Start of Working data

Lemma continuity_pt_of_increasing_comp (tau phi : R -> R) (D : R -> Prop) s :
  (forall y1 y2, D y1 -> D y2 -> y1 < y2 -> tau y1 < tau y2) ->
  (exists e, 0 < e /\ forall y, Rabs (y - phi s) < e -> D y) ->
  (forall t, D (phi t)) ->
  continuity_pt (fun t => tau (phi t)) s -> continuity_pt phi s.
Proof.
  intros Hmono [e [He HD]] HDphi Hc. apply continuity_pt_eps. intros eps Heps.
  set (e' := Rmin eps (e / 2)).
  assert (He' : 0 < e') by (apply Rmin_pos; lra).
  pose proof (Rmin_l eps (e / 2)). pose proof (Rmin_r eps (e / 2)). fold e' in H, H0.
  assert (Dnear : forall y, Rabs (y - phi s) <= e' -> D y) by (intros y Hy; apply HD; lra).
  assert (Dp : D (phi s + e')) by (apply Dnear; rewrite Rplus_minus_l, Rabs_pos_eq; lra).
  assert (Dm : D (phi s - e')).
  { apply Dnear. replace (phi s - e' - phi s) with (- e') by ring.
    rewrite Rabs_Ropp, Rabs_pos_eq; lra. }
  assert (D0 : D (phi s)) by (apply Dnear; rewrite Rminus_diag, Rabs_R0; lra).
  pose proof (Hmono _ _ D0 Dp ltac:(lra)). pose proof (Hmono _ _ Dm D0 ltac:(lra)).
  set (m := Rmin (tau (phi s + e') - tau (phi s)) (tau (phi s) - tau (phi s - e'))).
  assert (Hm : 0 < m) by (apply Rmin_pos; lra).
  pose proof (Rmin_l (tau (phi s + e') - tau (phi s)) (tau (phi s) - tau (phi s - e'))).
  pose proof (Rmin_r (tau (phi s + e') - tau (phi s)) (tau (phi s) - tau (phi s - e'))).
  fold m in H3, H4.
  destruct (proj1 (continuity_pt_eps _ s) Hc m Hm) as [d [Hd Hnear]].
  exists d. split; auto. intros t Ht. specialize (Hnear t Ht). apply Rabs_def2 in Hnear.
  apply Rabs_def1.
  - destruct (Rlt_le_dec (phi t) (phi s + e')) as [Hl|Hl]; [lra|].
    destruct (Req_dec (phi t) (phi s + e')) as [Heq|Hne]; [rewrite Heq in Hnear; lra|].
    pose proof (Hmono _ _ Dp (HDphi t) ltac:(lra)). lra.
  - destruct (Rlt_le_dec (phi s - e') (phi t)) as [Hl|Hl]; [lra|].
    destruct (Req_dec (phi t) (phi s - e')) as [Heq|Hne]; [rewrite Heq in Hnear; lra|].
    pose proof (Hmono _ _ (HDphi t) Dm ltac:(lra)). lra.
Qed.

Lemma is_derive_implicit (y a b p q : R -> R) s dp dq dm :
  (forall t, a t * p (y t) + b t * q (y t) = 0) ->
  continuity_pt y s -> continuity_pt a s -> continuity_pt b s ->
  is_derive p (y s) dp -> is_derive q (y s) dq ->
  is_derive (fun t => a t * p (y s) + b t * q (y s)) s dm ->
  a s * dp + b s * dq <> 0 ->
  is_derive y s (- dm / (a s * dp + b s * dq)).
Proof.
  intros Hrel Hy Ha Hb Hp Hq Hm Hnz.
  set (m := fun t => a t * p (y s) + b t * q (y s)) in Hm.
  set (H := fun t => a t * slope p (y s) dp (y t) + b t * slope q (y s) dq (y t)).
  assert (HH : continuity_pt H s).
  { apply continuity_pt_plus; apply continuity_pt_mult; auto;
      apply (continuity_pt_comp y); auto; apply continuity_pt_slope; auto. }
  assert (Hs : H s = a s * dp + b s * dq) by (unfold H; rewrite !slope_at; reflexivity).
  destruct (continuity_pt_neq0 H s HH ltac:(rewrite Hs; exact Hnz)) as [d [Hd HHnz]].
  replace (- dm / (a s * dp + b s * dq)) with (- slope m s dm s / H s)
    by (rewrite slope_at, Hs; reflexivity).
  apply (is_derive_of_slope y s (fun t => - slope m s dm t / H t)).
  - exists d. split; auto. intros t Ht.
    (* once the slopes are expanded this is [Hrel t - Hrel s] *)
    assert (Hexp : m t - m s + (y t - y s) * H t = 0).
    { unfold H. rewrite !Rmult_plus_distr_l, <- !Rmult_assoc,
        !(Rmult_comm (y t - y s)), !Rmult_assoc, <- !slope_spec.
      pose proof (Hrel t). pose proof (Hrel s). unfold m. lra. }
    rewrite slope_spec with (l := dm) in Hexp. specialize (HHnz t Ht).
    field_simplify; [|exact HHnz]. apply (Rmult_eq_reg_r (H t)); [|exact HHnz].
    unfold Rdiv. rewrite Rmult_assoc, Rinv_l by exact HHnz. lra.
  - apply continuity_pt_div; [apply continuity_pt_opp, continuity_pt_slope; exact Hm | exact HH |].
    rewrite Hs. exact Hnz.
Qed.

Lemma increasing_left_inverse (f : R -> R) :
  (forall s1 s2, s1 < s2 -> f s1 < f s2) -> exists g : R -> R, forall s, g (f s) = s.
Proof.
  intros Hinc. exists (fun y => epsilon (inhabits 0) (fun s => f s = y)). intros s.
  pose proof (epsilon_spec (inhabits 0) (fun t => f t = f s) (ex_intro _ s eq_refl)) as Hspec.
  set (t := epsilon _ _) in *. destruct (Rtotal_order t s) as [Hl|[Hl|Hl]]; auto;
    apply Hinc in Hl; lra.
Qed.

End of Working data
Start of Working data

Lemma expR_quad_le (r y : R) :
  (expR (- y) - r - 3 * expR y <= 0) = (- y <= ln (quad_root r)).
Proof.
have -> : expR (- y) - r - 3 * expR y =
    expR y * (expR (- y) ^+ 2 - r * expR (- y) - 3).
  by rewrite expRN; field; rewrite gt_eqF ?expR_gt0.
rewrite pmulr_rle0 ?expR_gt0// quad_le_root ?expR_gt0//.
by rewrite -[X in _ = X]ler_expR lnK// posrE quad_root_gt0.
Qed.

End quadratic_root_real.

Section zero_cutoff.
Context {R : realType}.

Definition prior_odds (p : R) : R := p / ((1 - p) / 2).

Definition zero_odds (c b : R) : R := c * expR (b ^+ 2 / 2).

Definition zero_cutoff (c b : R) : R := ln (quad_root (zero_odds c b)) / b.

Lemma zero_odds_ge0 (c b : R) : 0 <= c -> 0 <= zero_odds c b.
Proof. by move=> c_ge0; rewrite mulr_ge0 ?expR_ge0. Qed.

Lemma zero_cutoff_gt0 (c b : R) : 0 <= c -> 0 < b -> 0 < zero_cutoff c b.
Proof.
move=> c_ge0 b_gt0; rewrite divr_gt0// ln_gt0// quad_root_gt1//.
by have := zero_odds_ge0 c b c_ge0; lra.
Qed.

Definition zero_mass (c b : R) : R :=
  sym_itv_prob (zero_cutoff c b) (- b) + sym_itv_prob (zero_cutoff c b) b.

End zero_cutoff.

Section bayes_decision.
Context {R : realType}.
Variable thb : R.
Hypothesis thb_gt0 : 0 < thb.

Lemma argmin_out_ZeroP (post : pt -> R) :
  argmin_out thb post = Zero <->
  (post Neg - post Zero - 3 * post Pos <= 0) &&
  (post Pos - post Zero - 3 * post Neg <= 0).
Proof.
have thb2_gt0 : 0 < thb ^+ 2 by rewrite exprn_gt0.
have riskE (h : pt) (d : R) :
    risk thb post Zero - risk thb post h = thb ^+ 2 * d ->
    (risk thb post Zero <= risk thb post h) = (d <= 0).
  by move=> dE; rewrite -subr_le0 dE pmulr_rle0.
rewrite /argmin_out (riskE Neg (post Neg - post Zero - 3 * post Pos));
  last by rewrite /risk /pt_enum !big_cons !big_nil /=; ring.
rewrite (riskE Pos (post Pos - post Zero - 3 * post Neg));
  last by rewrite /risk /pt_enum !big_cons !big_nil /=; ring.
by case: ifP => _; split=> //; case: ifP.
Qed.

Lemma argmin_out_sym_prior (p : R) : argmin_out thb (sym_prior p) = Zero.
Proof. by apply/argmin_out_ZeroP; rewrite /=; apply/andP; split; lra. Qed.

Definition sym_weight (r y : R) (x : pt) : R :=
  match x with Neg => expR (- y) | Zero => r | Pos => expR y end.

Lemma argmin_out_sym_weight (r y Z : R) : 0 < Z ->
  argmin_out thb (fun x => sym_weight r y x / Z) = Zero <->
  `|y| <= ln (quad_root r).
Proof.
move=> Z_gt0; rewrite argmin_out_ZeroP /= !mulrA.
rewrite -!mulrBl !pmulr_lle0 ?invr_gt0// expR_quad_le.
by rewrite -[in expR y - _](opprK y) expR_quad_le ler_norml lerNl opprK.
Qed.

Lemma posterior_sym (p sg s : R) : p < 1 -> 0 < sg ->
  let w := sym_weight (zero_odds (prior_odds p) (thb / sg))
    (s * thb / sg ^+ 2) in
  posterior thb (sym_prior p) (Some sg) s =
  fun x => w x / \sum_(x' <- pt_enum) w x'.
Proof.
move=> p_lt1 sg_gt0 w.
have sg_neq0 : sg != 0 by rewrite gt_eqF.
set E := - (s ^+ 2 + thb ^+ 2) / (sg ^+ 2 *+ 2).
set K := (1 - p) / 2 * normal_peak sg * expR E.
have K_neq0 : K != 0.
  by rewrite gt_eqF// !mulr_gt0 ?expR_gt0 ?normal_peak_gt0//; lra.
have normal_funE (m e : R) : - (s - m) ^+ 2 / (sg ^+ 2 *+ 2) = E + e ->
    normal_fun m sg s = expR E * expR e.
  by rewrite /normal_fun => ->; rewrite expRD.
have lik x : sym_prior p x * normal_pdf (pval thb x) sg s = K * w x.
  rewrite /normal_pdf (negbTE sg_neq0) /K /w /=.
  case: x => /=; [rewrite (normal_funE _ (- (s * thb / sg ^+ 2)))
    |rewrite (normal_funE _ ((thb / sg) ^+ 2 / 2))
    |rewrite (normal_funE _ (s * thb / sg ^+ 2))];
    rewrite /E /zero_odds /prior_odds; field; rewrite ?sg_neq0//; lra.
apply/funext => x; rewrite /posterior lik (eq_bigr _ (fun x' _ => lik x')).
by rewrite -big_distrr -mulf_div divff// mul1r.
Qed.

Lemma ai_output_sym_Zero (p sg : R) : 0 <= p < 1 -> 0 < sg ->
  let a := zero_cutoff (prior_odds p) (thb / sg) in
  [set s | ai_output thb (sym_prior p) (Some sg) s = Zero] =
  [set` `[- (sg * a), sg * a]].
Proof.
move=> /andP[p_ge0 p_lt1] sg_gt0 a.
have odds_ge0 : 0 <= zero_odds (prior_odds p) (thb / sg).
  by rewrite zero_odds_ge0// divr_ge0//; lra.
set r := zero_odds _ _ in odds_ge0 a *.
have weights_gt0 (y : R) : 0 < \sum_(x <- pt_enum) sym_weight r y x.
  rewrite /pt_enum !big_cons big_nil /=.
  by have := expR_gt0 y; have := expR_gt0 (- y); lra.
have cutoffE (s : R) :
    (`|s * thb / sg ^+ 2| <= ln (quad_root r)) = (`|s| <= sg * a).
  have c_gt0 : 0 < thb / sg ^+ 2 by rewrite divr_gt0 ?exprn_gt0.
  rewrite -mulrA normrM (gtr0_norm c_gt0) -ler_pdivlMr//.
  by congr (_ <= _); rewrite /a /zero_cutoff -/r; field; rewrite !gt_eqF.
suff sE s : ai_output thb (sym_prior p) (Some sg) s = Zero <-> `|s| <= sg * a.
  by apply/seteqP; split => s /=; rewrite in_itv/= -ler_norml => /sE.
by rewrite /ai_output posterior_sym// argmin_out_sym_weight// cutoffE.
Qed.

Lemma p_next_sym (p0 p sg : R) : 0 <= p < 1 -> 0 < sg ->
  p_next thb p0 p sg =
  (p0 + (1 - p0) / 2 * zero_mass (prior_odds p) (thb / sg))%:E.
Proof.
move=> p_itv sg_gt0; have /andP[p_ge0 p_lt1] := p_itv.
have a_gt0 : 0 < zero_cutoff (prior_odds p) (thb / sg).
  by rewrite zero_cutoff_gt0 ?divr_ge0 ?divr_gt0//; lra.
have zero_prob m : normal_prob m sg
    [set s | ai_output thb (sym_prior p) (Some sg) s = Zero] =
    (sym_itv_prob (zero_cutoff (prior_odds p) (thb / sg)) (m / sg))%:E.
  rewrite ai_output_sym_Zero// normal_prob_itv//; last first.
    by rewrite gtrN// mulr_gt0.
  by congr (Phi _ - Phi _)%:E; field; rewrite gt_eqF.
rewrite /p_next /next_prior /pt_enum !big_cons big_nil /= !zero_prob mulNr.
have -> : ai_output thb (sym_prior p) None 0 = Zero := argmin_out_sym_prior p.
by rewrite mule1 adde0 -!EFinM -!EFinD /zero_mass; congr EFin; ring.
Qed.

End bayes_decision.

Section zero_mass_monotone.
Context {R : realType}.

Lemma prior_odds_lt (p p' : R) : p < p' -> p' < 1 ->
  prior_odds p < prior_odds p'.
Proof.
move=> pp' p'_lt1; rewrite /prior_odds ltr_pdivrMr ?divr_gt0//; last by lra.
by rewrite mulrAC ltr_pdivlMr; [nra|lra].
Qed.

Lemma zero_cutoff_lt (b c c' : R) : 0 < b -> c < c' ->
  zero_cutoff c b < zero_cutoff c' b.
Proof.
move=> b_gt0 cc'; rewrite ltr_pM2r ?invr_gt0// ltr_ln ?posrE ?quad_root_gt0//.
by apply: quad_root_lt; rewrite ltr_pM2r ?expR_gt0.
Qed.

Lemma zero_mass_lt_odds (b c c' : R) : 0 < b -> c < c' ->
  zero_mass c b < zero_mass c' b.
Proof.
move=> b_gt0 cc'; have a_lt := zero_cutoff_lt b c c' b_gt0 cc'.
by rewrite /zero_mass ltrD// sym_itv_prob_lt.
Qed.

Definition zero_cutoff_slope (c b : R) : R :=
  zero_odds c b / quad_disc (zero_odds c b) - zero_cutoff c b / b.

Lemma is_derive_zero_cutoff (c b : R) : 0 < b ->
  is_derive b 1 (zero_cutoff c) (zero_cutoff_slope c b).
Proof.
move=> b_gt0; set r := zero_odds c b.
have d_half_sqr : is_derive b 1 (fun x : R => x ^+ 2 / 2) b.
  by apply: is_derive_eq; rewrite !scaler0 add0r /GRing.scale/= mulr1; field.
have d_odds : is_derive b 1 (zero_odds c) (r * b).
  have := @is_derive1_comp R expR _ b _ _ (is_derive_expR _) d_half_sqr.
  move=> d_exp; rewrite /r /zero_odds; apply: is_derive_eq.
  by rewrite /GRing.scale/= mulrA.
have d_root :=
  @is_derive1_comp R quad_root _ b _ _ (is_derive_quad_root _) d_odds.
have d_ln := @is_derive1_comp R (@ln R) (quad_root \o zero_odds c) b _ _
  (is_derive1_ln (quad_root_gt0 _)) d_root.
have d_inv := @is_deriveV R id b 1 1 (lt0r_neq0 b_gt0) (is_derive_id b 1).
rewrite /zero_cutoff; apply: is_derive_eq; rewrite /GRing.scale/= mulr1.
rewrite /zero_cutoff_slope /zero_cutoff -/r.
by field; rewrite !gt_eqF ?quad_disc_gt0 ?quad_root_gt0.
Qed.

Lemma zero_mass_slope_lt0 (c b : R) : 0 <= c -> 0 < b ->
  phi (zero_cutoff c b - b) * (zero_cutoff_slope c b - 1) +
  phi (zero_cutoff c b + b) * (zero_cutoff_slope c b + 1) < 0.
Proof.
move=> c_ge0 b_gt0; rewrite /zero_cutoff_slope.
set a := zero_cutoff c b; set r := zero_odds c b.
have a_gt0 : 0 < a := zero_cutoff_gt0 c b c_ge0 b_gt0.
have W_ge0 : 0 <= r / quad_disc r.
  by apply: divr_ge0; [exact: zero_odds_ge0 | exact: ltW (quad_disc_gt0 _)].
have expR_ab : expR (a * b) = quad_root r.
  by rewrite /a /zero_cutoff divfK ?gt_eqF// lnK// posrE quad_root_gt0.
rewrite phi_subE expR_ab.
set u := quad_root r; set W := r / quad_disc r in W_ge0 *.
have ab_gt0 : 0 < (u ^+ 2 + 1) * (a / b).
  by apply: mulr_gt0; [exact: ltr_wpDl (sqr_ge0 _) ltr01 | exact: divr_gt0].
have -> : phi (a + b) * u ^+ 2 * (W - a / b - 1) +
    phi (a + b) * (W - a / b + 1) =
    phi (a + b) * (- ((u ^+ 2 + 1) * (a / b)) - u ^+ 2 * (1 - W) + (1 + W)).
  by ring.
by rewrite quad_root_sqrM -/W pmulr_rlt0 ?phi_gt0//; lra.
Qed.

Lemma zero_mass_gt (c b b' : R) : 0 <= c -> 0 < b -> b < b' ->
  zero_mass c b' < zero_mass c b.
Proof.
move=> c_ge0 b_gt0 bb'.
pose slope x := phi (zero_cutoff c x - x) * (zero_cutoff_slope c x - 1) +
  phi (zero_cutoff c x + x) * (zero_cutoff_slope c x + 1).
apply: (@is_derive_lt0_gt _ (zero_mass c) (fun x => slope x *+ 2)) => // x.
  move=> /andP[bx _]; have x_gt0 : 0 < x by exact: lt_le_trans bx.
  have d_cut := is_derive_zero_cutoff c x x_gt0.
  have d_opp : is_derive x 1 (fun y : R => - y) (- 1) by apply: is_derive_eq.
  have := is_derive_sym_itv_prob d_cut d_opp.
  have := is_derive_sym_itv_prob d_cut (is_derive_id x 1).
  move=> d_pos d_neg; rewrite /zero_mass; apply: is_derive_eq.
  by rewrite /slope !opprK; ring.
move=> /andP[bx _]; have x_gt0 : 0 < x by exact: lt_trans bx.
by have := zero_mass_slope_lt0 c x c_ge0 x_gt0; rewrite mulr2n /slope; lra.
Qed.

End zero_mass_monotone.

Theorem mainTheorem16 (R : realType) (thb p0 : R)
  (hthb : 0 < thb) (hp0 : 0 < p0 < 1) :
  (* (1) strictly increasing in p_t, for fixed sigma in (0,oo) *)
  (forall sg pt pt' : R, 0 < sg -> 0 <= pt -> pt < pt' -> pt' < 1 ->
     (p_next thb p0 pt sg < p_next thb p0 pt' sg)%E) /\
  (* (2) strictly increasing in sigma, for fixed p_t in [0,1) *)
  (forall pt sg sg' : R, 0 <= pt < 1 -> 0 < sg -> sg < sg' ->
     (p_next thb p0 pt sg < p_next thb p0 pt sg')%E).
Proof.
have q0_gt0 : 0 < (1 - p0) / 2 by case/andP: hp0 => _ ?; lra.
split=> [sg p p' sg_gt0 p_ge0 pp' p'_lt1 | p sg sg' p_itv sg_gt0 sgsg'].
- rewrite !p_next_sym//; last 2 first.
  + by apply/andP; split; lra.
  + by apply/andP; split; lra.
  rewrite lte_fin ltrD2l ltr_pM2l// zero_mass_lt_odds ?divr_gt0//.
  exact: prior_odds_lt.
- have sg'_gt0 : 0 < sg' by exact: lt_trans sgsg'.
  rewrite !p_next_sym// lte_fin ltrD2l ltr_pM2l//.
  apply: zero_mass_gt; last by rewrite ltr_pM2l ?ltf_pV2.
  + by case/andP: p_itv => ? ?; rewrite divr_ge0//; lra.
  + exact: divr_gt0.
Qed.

End of Working data

Search the material for the word "Dnear" and copy every matching line.

  assert (Dnear : forall y, Rabs (y - phi s) <= e' -> D y) by (intros y Hy; apply HD; lra).
  assert (Dp : D (phi s + e')) by (apply Dnear; rewrite Rplus_minus_l, Rabs_pos_eq; lra).
  { apply Dnear. replace (phi s - e' - phi s) with (- e') by ring.
  assert (D0 : D (phi s)) by (apply Dnear; rewrite Rminus_diag, Rabs_R0; lra).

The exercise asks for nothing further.